I'd be more curious to see that addressed instead.
Not when they are used.
There is also the cold start problem. How do you start to lay out the data on disk as you begin inserting it? Do you have a pre-trained net and use it at first (inserting where the net thinks the data should be)? The strategy probably differs by index type.
The larger layers of LSMT have enormous size and should be accessed/built as rare as possible.
Being able to predict that given element exists in the larger layers at all is quite a bonus.

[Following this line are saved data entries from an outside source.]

(* Let $(T_1,T_2)$ be an ordered binary forest on $\{1,\dots,m-1\}$, let $x_i=|L(T_i)|$ for $i=1,2$, and assume $x_1\ge x_2$. Let $T_0$ be the binary phylogenetic tree on $\{1,\dots,m\}$ with root $z$ having children $a$ and the leaf $m$, where $a$ has children the roots of $T_1$ and $T_2$. Let $T$ be a binary phylogenetic tree with $n$ leaves having $T_0$ as the subtree rooted at some node. If $\Phi(T)$ is minimum among all binary phylogenetic trees with $n$ leaves, then $x_1=x_2=1$.
   Context: A phylogenetic tree on a finite set $S$ is a rooted tree whose leaves are bijectively labeled by $S$, every internal node having at least two children; binary means exactly two children; a tree with $n$ leaves is one on $\{1,\dots,n\}$. $L(T)$ is the leaf set. An ordered binary $k$-forest on $S$ is a sequence of $k$ binary phylogenetic trees on pairwise disjoint sets with union $S$. The subtree rooted at a node $v$ is the subgraph induced on the descendants of $v$. The depth $\delta_T(v)$ is the number of arcs from the root to $v$; for leaves $i\ne j$, $\varphi_T(i,j)=\delta_T(LCA_T(i,j))$ ($LCA$ = lowest common ancestor), and $\Phi(T)$ is the sum of $\varphi_T(i,j)$ over all unordered pairs of distinct leaves. *)

From mathcomp Require Import all_boot.
Set Implicit Arguments. Unset Strict Implicit. Unset Printing Implicit Defensive.

(* Rooted binary trees with nat-labelled leaves (children ordered only for
   representation; rooted-tree identity is taken up to swapping children). *)
Inductive btree := BLeaf of nat | BNode of btree & btree.

Fixpoint leaves (t : btree) : seq nat :=
  match t with BLeaf i => [:: i] | BNode l r => leaves l ++ leaves r end.

Definition phylo_on (S : seq nat) (t : btree) : Prop :=
  uniq (leaves t) /\ perm_eq (leaves t) S.

Definition tree_on (n : nat) (t : btree) : Prop := phylo_on (iota 1 n) t.

Definition forest2_on (S : seq nat) (t1 t2 : btree) : Prop :=
  uniq (leaves t1 ++ leaves t2) /\ perm_eq (leaves t1 ++ leaves t2) S.

Fixpoint lca_depth (t : btree) (i j : nat) : nat :=
  match t with
  | BLeaf _ => 0
  | BNode l r =>
      if (i \in leaves l) && (j \in leaves l) then (lca_depth l i j).+1
      else if (i \in leaves r) && (j \in leaves r) then (lca_depth r i j).+1
      else 0
  end.

Definition Phi (t : btree) : nat :=
  \sum_(i <- leaves t) \sum_(j <- leaves t | i < j) lca_depth t i j.

Fixpoint teq (a b : btree) : bool :=
  match a, b with
  | BLeaf i, BLeaf j => i == j
  | BNode a1 a2, BNode b1 b2 => (teq a1 b1 && teq a2 b2) || (teq a1 b2 && teq a2 b1)
  | _, _ => false
  end.

Fixpoint is_subtree (s t : btree) : bool :=
  teq s t || match t with BLeaf _ => false | BNode l r => is_subtree s l || is_subtree s r end.

From mathcomp Require Import all_boot.
From mathcomp Require Import zify.
Set Implicit Arguments. Unset Strict Implicit.

(* Every pair of leaves i < j of T = (l, r) either lies on one side, where its
   LCA sits one level deeper than in that side, or is split, with LCA at the
   root.  Summing, Phi(l, r) = Phi l + Phi r + C(|l|,2) + C(|r|,2), so Phi(T)
   is the purely structural [cost T]: the sum of C(|L(v)|,2) over the non-root
   nodes v.  Such a cost is additive over subtrees, hence replacing a subtree
   by one with the same leaves and smaller cost yields a tree with the same
   leaves and smaller Phi.  The rotation ((T1,T2),m) -> (T1,(T2,m)) trades the
   node of size x1 + x2 for one of size x2 + 1, which is strictly cheaper as
   soon as x1 >= 2.  So in a Phi-minimal tree x1 = 1, and then x2 = 1 since
   1 <= x2 <= x1.  The cost comparison needs no disjointness. *)

Definition pair_sum (s : seq nat) (f : nat -> nat -> nat) : nat :=
  \sum_(i <- s) \sum_(j <- s | i < j) f i j.

Lemma PhiE (t : btree) : Phi t = pair_sum (leaves t) (lca_depth t).
Proof. by []. Qed.

Lemma pair_sum_eq_in (s : seq nat) (f g : nat -> nat -> nat) :
  {in s &, f =2 g} -> pair_sum s f = pair_sum s g.
Proof.
move=> fg; rewrite /pair_sum; apply: eq_big_seq => i si; rewrite big_mkcond [RHS]big_mkcond.
by apply: eq_big_seq => j sj; rewrite fg.
Qed.

Lemma pair_sum_add (s : seq nat) (f g : nat -> nat -> nat) :
  pair_sum s (fun i j => f i j + g i j) = pair_sum s f + pair_sum s g.
Proof. by rewrite /pair_sum -big_split; apply: eq_bigr => i _; rewrite big_split. Qed.

Lemma pair_sum_cat (s1 s2 : seq nat) (f : nat -> nat -> nat) :
  (forall i j, i \in s1 -> j \in s2 -> f i j = 0 /\ f j i = 0) ->
  pair_sum (s1 ++ s2) f = pair_sum s1 f + pair_sum s2 f.
Proof.
move=> cross; rewrite /pair_sum big_cat /=; congr (_ + _); apply: eq_big_seq => i si.
- rewrite big_cat /= [X in _ + X]big1_seq ?addn0 // => j /andP[_ sj].
  exact: (cross i j si sj).1.
- rewrite big_cat /= big1_seq ?add0n // => j /andP[_ sj].
  exact: (cross j i sj si).2.
Qed.

Lemma count_above_below (x : nat) (s : seq nat) : x \notin s ->
  count (fun j => x < j) s + \sum_(i <- s) (i < x : nat) = size s.
Proof.
elim: s => [|y s IH]; first by rewrite big_nil.
rewrite inE negb_or => /andP[xy xs]; rewrite big_cons /= -(IH xs).
by case: (ltngtP x y) xy => //= _ _; lia.
Qed.

Lemma pair_count (s : seq nat) : uniq s -> pair_sum s (fun _ _ => 1) = 'C(size s, 2).
Proof.
have countE r : pair_sum r (fun _ _ => 1) = \sum_(i <- r) count (fun j => i < j) r.
  by apply: eq_bigr => i _; rewrite sum1_count.
elim: s => [|x s IH]; first by rewrite /pair_sum big_nil.
move=> /= /andP[xs us]; rewrite binS bin1 -(IH us) !countE big_cons /= ltnn add0n.
rewrite (eq_bigr (fun i => (i < x : nat) + count (fun j => i < j) s)) //.
by rewrite big_split /= addnA (count_above_below xs) addnC.
Qed.

Fixpoint cost (t : btree) : nat :=
  match t with
  | BLeaf _ => 0
  | BNode l r => cost l + cost r + 'C(size (leaves l), 2) + 'C(size (leaves r), 2)
  end.

Lemma Phi_node (l r : btree) : uniq (leaves l ++ leaves r) ->
  Phi (BNode l r) = Phi l + Phi r + 'C(size (leaves l), 2) + 'C(size (leaves r), 2).
Proof.
rewrite cat_uniq => /and3P[ul /hasPn disj ur].
have notl j : j \in leaves r -> j \notin leaves l by move/disj.
have notr i : i \in leaves l -> i \notin leaves r.
  by move=> il; apply/negP => /notl; rewrite il.
rewrite !PhiE /= pair_sum_cat; last first.
  move=> i j il jr /=.
  by rewrite il (negbTE (notl j jr)) (negbTE (notr i il)) !andbF.
rewrite (@pair_sum_eq_in (leaves l) _ (fun i j => lca_depth l i j + 1)); last first.
  by move=> i j il jl /=; rewrite il jl addn1.
rewrite (@pair_sum_eq_in (leaves r) _ (fun i j => lca_depth r i j + 1)); last first.
  by move=> i j ir jr /=; rewrite (negbTE (notl i ir)) ir jr addn1.
by rewrite !pair_sum_add !pair_count //; lia.
Qed.

Lemma Phi_cost (t : btree) : uniq (leaves t) -> Phi t = cost t.
Proof.
elim: t => [i|l IHl r IHr].
  by rewrite PhiE /pair_sum /= big_seq1 big_mkcond big_seq1 ltnn.
move=> u; rewrite Phi_node //=.
by move: u; rewrite cat_uniq => /and3P[ul _ ur]; rewrite IHl // IHr.
Qed.

Lemma teq_cost (s t : btree) :
  teq s t -> perm_eq (leaves s) (leaves t) /\ cost s = cost t.
Proof.
elim: s t => [i|a1 IH1 a2 IH2] [j|b1 b2] //=; first by move/eqP ->.
case/orP => /andP[/IH1[p1 c1] /IH2[p2 c2]]; rewrite c1 c2 (perm_size p1) (perm_size p2).
- by split; first exact: perm_cat.
- by split; [rewrite perm_catC; exact: perm_cat | rewrite [cost b2 + _]addnC addnAC].
Qed.

Lemma subtree_replace (s s' t : btree) :
  is_subtree s t -> perm_eq (leaves s') (leaves s) -> cost s' < cost s ->
  exists t', perm_eq (leaves t') (leaves t) /\ cost t' < cost t.
Proof.
move=> + ps cs; elim: t => [i|l IHl r IHr] /=.
  rewrite orbF => /teq_cost[p c]; exists s'.
  by split; [exact: perm_trans p | move: cs; rewrite c].
case/orP => [/teq_cost[p c] | /orP[/IHl[l' [p c]] | /IHr[r' [p c]]]].
- by exists s'; split; [exact: perm_trans p | move: cs; rewrite c].
- exists (BNode l' r); rewrite /= (perm_size p).
  by split; [exact: perm_cat | rewrite !ltn_add2r].
- exists (BNode l r'); rewrite /= (perm_size p).
  by split; [exact: perm_cat | rewrite !ltn_add2r ltn_add2l].
Qed.

Lemma leaves_nonempty (t : btree) : 0 < size (leaves t).
Proof. by elim: t => [//|l IHl r IHr]; rewrite /= size_cat; lia. Qed.

Lemma ltn_bin2 (k1 k2 : nat) : 0 < k1 -> k1 < k2 -> 'C(k1, 2) < 'C(k2, 2).
Proof.
move=> k1_pos lt12; have := leq_bin2l 2 lt12.
by rewrite binS bin1; lia.
Qed.

Lemma rotation_cost (a b c : btree) : size (leaves c) < size (leaves a) ->
  cost (BNode a (BNode b c)) < cost (BNode (BNode a b) c).
Proof.
move=> ca; rewrite /= !size_cat.
have : 'C(size (leaves b) + size (leaves c), 2) < 'C(size (leaves a) + size (leaves b), 2).
  by apply: ltn_bin2; have := leaves_nonempty b; lia.
lia.
Qed.

Theorem mainTheorem9 (m n : nat) (T1 T2 T : btree) :
  forest2_on (iota 1 m.-1) T1 T2 ->
  size (leaves T2) <= size (leaves T1) ->
  tree_on n T ->
  is_subtree (BNode (BNode T1 T2) (BLeaf m)) T ->
  (forall T' : btree, tree_on n T' -> Phi T <= Phi T') ->
  size (leaves T1) = 1 /\ size (leaves T2) = 1.
Proof.
move=> _ x2_le_x1 [uT pT] sub minT.
have x2_pos := leaves_nonempty T2.
suff : size (leaves T1) <= 1 by lia.
rewrite leqNgt; apply/negP => x1_gt1.
have rot := @rotation_cost T1 T2 (BLeaf m) x1_gt1.
have rot_leaves : perm_eq (leaves (BNode T1 (BNode T2 (BLeaf m))))
                          (leaves (BNode (BNode T1 T2) (BLeaf m))) by rewrite /= catA.
have [T' [pT' cT']] := subtree_replace sub rot_leaves rot.
have uT' : uniq (leaves T') by rewrite (perm_uniq pT').
have := minT T' (conj uT' (perm_trans pT' pT)).
by rewrite (Phi_cost uT) (Phi_cost uT') leqNgt cT'.
Qed.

You can skip reading megabytes of data.
The rareness of building of the larger layers justifies training deep neural model for them.
I cannot verify existence of LSMT backend for major SQL DB engines, but NoSQL engines use it a plenty: https://en.wikipedia.org/wiki/Log-structured_merge-tree
I'm just waiting for it to make it into one of the big PG providers.
Isn't Peloton close? http://pelotondb.io/
> For efficiency reasons it is common not to index every single key of the sorted records, rather only the
key of every n-th record, i.e., the first key of a page.  This helps to significantly reduce the number of
keys the index has to store without any significant performance penalty
Is this true of B-Tree indexes in Postgres, for example?
In particular, one could argue that it is true for clustered indexes (e.g. in SQL Server or MySQL/InnoDB). In that case the table is actually in an ordered fashion and happens to be identical to the leaf-node-level of the index. However, if you argue that this level doesn't belong to the index but is just the payload, the level above the leaf nodes is as they say: it has one pointer per page.
Did adding the "Data Storage and Retrieval as an ML Task" synopsis make it less appealing?
The maths used to discover nuclear weapons weren't dangerous. What was dangerous was that the maths happened to align with our physical world.
At the end of the day we are still building a powerful new technology. To assume it will be completely harmless is naive. No technology is completely harmless. But at least our previous inventions didn't sprout minds of their own. And have desires and plans independent of their creators.